__What is being asked__
The answer is a stretch of the material below, returned exactly: the line containing "Theorem rho_lim_nu cs", the line containing "apply is_lim_seq_const.", and all lines between.

__Given data__
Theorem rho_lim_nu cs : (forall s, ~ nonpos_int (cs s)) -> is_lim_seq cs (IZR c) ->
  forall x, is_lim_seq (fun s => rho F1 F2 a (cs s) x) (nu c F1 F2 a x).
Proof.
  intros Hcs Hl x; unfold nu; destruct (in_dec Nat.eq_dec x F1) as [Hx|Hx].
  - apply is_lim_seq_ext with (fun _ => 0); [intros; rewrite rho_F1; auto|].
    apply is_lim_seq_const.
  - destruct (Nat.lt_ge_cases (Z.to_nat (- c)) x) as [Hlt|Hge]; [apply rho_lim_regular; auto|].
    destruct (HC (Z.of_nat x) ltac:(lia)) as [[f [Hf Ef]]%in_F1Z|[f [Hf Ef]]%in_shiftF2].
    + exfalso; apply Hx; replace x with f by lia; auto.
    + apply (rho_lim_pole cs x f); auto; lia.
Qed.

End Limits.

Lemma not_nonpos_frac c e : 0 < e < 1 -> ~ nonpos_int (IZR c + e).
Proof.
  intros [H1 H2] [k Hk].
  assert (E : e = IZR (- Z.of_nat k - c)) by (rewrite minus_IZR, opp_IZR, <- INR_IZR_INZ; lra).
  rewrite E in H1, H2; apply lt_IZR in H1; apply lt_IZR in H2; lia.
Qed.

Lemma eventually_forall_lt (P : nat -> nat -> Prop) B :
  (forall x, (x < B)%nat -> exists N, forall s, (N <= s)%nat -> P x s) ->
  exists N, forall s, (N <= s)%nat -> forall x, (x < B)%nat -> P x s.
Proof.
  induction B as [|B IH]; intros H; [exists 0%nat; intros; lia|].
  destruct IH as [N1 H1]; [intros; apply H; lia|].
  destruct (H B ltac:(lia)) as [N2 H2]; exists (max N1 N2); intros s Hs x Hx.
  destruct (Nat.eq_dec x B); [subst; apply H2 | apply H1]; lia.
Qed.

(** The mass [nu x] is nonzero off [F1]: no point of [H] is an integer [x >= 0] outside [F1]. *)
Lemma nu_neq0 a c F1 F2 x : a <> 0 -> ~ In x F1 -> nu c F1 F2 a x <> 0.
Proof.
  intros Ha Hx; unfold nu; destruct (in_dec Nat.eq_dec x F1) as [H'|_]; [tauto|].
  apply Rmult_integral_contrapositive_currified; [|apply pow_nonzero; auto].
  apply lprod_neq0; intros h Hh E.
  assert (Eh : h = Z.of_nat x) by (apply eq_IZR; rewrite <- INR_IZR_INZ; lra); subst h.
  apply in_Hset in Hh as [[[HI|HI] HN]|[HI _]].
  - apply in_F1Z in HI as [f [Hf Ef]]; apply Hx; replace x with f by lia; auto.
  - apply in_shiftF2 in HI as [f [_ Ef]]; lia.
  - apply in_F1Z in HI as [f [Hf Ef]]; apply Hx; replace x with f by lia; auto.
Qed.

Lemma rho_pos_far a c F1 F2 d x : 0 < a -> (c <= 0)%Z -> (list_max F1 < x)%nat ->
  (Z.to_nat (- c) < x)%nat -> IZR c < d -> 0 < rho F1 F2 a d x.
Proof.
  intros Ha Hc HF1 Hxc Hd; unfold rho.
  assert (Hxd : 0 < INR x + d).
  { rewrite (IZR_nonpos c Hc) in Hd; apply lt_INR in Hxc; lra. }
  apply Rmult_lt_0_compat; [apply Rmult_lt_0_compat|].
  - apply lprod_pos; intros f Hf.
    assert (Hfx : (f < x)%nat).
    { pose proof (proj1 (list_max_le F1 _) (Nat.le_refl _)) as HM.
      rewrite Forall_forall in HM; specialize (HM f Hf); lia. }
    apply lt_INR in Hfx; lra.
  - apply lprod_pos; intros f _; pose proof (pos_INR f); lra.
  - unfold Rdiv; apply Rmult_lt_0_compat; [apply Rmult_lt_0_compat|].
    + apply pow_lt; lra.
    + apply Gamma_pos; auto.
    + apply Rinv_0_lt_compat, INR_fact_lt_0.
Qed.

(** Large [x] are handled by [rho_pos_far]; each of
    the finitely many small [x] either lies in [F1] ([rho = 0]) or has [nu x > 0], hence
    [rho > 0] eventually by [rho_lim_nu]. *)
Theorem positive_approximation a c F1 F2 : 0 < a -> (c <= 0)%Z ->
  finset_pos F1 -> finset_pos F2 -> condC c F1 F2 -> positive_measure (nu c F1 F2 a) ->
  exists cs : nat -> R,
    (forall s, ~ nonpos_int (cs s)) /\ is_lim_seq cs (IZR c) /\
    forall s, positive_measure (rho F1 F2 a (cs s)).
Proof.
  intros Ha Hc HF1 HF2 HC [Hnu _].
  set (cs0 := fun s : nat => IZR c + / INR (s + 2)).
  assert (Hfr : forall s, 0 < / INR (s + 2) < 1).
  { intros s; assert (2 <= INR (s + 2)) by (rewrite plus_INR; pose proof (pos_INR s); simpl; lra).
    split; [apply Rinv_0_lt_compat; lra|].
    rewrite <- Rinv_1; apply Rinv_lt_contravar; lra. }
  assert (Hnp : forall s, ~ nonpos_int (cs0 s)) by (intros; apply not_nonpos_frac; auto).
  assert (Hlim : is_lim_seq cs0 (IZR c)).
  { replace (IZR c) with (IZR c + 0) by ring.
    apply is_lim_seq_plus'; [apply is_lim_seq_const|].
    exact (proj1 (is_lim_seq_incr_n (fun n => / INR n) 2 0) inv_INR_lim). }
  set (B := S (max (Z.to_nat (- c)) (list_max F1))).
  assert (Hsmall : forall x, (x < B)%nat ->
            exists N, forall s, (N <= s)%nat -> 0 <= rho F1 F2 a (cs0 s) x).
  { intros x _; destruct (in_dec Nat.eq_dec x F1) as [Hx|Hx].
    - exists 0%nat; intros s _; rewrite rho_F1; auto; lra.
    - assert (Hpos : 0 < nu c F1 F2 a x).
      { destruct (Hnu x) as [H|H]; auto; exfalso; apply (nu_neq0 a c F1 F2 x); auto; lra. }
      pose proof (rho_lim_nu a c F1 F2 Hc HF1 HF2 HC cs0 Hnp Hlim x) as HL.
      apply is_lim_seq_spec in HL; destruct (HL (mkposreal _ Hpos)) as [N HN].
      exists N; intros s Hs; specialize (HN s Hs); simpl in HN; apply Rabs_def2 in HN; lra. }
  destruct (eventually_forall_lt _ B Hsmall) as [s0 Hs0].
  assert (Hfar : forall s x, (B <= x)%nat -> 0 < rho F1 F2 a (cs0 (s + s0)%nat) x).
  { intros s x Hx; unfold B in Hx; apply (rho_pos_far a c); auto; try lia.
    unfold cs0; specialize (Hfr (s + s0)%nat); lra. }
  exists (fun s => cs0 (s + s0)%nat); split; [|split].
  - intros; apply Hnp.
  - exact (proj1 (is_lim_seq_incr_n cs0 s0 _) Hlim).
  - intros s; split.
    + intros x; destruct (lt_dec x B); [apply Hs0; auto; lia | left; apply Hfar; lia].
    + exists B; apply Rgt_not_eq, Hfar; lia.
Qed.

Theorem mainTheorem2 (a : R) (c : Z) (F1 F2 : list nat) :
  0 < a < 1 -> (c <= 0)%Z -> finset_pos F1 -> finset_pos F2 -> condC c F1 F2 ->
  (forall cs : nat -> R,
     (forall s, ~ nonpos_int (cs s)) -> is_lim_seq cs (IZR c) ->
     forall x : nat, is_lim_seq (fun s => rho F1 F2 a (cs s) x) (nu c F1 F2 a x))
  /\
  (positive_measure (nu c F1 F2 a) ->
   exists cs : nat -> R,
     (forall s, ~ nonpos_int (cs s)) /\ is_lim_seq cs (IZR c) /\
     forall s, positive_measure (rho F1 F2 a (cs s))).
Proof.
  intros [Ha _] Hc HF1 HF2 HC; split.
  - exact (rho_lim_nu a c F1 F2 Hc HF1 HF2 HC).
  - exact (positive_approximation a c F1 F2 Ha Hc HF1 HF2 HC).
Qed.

---

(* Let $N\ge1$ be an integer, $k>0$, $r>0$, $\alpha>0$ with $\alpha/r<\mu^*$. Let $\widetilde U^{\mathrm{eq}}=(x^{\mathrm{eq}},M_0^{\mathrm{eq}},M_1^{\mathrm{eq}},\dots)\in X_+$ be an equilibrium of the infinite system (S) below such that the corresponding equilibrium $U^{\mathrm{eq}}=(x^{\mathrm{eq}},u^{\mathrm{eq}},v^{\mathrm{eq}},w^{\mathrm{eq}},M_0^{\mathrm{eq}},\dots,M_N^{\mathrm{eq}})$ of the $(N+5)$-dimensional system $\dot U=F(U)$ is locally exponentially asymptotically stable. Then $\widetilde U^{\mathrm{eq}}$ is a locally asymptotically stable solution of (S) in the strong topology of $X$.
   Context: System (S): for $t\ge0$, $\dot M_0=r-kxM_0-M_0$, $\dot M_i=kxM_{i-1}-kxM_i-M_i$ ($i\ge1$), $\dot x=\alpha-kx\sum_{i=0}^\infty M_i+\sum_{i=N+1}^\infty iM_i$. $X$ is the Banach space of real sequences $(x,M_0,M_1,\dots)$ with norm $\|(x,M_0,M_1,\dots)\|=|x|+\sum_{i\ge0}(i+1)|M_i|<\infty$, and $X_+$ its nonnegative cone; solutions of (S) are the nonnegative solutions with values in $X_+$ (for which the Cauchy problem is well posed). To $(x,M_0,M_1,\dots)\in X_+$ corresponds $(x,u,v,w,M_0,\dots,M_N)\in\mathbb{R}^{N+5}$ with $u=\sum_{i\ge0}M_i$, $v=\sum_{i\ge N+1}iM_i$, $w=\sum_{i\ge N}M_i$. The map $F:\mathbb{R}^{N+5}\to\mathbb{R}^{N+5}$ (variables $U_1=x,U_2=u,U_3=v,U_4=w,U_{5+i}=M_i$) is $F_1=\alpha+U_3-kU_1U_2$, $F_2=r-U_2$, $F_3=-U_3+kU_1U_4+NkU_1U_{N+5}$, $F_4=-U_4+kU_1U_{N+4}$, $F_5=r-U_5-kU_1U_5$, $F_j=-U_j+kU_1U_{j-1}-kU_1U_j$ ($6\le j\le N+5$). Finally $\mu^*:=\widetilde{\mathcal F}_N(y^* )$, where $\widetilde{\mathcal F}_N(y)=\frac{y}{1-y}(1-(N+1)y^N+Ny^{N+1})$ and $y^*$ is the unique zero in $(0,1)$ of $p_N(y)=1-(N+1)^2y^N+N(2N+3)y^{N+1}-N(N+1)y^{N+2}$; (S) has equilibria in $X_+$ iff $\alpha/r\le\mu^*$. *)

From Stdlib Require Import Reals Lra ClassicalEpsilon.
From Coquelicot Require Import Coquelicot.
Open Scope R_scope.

__Task response__
Theorem rho_lim_nu cs : (forall s, ~ nonpos_int (cs s)) -> is_lim_seq cs (IZR c) ->
  forall x, is_lim_seq (fun s => rho F1 F2 a (cs s) x) (nu c F1 F2 a x).
Proof.
  intros Hcs Hl x; unfold nu; destruct (in_dec Nat.eq_dec x F1) as [Hx|Hx].
  - apply is_lim_seq_ext with (fun _ => 0); [intros; rewrite rho_F1; auto|].
    apply is_lim_seq_const.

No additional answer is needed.